### Assigned task
All that should come back is the lines of the data below from the one containing "Proof. by move=> i;" to the one containing "Lemma split_sign_rshift i", inclusive, exactly as they stand.
···
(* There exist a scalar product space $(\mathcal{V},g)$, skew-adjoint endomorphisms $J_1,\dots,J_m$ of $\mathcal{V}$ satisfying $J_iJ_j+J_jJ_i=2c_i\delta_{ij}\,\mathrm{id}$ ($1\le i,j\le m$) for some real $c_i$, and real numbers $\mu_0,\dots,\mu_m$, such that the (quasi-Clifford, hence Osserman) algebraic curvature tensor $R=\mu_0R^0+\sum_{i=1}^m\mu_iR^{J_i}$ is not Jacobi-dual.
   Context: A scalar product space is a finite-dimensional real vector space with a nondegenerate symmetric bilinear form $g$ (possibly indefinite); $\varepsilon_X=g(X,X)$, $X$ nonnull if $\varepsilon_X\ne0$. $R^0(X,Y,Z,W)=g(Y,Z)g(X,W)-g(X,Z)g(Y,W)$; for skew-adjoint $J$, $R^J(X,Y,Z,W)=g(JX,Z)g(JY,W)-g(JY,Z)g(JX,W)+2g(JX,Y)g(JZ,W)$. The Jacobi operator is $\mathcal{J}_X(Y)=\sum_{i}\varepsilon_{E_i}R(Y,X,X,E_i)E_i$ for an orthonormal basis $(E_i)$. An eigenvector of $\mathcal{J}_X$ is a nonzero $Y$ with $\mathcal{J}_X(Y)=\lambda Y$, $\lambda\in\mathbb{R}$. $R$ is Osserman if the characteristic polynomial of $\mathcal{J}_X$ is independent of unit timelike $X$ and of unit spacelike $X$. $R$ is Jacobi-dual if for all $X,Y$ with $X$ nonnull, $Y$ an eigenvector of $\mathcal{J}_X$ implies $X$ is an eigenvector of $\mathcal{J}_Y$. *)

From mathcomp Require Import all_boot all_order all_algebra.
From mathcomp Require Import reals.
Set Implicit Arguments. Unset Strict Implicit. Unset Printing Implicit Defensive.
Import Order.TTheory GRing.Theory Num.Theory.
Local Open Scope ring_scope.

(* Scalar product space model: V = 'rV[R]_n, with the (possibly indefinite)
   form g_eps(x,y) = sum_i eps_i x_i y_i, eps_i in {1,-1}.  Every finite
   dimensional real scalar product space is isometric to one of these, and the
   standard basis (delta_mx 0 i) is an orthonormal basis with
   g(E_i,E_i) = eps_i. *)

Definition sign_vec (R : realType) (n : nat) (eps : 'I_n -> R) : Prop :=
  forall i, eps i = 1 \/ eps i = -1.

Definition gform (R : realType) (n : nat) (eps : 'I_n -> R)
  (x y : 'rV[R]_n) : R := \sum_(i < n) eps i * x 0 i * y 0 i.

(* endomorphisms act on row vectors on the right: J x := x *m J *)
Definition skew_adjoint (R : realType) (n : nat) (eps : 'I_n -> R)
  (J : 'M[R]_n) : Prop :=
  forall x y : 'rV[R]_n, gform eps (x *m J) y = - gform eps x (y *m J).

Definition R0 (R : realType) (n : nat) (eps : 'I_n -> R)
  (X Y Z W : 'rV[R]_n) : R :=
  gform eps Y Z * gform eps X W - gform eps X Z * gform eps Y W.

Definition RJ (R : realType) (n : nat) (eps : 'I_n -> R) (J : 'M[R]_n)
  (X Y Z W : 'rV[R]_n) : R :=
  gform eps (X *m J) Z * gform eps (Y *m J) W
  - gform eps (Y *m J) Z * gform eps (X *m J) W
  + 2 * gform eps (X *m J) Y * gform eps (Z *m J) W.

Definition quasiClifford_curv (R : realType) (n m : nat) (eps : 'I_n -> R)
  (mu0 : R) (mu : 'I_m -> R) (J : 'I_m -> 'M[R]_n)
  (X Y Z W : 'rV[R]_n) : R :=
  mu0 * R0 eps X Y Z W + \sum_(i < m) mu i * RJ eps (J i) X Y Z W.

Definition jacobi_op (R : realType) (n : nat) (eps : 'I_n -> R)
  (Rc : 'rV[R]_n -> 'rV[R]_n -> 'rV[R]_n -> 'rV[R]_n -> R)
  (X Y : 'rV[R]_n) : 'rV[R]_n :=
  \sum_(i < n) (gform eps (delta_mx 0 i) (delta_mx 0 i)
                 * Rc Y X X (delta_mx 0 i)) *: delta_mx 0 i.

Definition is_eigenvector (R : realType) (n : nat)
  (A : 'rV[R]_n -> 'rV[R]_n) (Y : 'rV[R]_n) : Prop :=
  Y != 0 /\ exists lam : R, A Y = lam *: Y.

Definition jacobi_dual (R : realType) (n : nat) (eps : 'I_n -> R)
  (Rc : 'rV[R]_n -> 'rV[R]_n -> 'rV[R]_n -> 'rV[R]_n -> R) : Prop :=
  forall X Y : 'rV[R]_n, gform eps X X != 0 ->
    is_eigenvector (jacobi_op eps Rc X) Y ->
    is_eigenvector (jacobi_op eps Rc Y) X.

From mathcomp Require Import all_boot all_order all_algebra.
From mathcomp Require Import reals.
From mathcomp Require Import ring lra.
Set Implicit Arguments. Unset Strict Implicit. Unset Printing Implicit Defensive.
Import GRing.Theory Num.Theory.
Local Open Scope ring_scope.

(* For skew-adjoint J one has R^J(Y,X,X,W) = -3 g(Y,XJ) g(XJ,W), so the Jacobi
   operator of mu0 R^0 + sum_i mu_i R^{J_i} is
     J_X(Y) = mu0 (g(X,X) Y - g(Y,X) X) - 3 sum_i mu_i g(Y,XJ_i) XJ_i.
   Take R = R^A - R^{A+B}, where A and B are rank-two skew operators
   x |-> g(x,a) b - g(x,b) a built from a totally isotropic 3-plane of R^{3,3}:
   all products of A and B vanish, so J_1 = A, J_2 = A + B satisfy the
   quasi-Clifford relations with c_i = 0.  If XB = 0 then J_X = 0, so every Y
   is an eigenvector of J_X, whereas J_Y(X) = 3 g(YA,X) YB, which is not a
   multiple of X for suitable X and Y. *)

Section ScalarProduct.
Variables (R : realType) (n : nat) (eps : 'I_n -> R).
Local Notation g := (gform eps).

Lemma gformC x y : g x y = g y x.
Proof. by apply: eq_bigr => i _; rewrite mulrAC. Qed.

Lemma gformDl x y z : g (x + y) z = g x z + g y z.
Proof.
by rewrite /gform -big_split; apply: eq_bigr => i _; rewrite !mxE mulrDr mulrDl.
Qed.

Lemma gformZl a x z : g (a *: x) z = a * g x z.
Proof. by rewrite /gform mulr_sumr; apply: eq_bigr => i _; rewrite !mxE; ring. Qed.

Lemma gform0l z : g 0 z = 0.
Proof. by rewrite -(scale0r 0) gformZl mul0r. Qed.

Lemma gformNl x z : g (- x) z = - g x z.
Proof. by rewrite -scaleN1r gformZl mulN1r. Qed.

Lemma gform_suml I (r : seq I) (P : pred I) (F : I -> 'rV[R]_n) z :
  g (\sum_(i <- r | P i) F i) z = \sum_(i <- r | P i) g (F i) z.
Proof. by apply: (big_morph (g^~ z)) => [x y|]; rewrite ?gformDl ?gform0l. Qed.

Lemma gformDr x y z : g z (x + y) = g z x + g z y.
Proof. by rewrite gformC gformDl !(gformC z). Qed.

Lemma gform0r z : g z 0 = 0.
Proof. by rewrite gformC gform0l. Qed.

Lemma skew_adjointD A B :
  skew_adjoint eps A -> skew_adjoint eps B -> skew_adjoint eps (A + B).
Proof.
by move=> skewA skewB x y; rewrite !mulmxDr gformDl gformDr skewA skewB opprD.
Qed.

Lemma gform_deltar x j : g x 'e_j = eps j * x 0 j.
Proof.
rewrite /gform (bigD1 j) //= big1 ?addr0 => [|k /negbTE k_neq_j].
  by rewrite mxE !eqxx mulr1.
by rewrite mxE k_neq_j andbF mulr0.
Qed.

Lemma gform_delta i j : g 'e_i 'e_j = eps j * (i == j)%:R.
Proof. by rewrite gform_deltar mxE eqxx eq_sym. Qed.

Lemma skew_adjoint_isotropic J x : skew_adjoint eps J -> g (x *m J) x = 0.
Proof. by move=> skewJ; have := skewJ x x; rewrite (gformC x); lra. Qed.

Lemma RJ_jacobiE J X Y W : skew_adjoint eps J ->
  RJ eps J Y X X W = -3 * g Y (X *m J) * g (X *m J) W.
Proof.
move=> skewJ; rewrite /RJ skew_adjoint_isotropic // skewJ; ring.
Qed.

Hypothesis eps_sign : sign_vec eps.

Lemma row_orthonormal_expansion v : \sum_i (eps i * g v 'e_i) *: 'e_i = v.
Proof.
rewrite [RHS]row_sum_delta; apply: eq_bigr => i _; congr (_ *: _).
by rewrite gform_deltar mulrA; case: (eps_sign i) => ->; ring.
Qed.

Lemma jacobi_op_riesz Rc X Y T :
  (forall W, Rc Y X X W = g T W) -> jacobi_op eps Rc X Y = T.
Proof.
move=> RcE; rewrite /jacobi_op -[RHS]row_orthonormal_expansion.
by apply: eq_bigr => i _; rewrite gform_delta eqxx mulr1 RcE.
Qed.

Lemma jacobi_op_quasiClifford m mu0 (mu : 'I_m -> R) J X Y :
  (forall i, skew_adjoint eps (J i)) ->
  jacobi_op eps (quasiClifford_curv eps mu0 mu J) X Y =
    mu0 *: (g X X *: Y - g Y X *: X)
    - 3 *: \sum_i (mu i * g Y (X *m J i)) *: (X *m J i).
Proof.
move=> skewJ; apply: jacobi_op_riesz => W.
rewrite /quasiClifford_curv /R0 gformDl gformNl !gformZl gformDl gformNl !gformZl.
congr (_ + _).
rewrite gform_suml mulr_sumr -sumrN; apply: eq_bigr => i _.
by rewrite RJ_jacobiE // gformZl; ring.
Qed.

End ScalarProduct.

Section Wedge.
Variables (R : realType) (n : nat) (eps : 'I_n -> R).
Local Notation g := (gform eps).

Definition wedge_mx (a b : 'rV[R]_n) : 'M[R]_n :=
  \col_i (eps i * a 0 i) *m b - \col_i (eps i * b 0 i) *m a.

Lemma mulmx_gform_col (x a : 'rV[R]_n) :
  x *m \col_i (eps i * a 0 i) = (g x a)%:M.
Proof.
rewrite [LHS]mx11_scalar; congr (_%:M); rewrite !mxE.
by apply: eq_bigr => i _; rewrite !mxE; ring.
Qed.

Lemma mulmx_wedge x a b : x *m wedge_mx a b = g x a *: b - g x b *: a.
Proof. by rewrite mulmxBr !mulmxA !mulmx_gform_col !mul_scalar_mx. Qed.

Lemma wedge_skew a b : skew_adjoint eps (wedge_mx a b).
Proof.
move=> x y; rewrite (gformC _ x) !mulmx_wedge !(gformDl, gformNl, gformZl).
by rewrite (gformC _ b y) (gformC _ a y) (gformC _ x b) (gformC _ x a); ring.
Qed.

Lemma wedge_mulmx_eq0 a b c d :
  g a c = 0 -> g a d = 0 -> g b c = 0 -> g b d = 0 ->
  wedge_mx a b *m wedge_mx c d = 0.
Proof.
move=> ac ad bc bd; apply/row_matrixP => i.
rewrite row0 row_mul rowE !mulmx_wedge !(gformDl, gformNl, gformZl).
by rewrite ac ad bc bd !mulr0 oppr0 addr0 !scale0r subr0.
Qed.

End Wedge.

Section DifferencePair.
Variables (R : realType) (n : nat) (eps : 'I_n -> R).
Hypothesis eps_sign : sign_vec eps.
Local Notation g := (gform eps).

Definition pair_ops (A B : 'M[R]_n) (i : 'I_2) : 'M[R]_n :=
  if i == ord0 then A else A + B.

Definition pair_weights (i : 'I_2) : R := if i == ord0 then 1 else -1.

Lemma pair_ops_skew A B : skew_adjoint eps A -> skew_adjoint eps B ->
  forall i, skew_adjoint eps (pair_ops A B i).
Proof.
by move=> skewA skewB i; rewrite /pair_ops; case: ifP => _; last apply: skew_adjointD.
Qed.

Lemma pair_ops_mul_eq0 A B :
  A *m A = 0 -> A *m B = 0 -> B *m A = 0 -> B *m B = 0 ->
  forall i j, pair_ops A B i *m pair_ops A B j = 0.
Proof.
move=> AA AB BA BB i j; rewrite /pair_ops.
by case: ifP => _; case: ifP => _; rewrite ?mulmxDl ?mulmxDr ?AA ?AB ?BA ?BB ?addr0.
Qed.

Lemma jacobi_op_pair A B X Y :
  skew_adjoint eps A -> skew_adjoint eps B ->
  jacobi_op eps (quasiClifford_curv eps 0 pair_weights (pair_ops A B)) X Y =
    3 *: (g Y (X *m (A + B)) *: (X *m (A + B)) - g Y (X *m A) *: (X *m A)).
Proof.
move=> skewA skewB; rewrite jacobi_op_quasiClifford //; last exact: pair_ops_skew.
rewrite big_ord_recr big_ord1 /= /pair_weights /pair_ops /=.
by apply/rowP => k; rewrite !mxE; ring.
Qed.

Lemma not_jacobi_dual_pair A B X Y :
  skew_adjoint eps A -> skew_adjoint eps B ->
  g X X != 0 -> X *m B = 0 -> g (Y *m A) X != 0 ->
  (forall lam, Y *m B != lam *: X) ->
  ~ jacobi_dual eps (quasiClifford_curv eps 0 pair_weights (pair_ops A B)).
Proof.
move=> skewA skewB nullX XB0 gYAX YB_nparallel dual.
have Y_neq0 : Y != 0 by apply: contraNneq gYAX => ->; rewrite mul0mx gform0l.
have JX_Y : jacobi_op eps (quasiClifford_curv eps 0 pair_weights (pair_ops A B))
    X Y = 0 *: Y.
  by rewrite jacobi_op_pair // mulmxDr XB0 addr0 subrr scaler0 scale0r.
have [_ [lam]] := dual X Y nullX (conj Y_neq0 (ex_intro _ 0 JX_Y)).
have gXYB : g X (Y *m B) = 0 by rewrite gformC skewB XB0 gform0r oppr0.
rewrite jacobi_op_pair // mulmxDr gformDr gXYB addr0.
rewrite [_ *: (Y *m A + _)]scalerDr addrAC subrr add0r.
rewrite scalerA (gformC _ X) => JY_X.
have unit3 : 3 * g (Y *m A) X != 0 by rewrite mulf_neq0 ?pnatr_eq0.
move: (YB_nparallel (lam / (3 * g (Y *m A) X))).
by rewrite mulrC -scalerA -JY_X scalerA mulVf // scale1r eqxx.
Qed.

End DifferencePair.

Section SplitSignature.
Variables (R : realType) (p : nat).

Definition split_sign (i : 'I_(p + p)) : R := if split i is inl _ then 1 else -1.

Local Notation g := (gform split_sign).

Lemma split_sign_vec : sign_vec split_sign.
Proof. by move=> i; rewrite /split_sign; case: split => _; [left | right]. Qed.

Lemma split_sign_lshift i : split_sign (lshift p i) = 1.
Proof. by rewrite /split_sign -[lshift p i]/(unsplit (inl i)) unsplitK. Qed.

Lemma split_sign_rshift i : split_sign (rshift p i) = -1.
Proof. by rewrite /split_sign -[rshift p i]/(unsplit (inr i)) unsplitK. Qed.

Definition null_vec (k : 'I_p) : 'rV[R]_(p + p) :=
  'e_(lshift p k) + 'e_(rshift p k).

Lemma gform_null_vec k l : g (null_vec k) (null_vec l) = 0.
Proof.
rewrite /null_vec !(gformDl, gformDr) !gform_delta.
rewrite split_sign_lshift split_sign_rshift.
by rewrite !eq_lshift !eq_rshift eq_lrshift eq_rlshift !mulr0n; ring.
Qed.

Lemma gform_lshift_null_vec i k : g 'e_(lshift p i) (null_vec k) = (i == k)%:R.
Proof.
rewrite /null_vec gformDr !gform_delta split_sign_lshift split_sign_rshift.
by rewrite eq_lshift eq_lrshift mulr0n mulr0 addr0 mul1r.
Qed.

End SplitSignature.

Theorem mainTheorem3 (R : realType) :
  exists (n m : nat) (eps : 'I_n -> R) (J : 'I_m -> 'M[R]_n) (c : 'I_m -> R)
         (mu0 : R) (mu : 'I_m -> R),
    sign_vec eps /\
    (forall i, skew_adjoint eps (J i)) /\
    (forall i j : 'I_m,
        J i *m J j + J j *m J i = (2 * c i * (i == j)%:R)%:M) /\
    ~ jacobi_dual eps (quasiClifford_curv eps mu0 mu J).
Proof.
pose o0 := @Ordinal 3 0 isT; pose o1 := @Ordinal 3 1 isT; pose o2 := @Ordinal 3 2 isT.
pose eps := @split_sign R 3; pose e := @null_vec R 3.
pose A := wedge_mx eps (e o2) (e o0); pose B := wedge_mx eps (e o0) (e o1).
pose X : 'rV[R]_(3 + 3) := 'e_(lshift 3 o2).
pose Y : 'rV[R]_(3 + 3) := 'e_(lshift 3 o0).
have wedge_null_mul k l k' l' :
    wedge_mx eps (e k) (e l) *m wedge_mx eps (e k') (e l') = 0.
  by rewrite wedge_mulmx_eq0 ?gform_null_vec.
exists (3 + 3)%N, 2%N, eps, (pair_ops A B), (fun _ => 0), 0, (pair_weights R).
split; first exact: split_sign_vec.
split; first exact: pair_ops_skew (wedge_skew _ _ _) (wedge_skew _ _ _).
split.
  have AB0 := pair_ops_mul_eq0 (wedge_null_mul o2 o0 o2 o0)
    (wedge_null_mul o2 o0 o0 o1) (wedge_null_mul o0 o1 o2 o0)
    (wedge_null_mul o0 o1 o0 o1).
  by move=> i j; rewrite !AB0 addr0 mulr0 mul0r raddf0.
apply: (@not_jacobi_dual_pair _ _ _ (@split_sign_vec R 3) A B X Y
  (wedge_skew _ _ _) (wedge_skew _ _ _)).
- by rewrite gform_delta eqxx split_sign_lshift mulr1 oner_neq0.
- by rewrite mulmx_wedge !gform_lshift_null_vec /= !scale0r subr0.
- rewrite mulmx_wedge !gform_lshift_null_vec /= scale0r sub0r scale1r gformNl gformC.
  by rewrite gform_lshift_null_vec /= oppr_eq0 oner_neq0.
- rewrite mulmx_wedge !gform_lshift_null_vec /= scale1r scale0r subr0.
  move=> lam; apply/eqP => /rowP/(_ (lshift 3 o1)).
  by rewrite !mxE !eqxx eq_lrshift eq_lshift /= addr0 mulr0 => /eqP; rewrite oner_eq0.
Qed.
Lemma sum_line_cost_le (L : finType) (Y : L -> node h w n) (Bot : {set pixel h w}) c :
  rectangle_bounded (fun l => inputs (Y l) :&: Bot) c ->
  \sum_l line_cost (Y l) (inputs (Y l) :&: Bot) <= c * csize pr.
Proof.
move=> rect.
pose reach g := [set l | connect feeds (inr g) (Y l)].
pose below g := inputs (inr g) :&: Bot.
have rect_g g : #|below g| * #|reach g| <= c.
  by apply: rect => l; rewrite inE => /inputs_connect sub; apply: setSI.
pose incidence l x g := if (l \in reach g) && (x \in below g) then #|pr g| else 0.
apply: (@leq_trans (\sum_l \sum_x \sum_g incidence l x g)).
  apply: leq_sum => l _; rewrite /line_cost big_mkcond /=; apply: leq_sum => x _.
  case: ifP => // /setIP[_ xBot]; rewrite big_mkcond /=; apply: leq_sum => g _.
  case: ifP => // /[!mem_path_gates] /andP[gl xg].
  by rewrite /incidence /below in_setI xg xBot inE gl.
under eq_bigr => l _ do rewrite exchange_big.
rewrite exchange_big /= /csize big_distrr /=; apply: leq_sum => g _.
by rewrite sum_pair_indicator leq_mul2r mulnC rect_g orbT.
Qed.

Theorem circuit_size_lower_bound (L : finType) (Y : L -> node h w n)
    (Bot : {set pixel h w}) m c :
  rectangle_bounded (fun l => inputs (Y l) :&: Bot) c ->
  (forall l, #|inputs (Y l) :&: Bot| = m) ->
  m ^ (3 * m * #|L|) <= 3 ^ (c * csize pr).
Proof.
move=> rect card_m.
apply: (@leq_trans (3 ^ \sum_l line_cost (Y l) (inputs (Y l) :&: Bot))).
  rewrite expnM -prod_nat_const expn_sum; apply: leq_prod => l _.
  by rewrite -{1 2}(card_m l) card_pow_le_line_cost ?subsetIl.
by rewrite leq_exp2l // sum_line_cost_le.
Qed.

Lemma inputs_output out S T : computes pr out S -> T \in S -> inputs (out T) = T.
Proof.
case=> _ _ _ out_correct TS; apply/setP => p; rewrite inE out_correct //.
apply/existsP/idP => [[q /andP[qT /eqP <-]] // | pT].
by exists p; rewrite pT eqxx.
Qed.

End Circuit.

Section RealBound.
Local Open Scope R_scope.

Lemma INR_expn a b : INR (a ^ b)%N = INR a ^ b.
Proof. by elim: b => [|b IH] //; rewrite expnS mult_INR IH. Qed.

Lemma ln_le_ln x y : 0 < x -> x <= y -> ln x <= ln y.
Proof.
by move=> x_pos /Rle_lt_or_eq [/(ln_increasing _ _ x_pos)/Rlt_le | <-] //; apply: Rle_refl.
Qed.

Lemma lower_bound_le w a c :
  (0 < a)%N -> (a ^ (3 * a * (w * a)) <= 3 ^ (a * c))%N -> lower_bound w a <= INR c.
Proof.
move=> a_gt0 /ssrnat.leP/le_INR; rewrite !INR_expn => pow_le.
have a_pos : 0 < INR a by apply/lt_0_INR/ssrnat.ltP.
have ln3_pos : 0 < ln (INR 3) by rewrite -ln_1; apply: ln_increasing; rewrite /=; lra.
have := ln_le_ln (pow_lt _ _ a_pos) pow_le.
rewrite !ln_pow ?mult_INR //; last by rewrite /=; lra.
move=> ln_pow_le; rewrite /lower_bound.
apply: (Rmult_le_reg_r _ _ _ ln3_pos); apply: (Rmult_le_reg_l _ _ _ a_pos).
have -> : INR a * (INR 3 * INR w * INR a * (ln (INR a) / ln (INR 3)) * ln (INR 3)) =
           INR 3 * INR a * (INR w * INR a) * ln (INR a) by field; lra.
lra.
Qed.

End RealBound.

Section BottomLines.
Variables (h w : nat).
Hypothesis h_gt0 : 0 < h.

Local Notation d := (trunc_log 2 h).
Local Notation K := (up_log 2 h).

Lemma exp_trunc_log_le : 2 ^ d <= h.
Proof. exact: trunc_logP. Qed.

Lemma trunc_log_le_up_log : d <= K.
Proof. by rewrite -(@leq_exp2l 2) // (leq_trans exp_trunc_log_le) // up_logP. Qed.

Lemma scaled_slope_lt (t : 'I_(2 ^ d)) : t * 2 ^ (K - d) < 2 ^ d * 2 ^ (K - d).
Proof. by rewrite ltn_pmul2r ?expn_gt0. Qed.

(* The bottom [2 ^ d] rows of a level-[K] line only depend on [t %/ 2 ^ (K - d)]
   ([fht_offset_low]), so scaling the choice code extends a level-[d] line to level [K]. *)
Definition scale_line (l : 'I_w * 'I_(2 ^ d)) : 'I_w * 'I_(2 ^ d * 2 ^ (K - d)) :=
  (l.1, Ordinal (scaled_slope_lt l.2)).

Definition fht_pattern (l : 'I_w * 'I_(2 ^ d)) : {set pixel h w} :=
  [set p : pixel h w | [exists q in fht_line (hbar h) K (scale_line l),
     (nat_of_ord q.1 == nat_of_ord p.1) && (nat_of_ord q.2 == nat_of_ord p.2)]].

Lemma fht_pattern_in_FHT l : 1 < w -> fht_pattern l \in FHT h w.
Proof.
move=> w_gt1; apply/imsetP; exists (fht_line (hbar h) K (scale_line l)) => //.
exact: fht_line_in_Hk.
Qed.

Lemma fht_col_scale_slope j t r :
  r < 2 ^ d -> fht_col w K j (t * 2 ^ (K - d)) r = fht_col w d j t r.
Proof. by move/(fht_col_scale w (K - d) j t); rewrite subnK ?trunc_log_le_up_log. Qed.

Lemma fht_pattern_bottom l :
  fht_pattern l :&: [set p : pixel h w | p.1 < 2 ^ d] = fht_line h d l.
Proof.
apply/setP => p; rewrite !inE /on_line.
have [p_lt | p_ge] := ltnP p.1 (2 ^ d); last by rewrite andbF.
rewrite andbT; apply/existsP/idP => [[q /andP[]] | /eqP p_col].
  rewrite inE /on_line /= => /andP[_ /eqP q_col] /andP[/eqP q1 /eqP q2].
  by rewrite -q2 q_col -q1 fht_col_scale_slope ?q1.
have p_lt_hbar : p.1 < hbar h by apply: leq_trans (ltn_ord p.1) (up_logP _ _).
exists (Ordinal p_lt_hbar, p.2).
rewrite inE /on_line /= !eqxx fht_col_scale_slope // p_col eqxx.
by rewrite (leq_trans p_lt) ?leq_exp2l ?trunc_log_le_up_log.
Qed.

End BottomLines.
···
### Answer section
Proof. by move=> i; rewrite /split_sign; case: split => _; [left | right]. Qed.

Lemma split_sign_lshift i : split_sign (lshift p i) = 1.
Proof. by rewrite /split_sign -[lshift p i]/(unsplit (inl i)) unsplitK. Qed.

Lemma split_sign_rshift i : split_sign (rshift p i) = -1.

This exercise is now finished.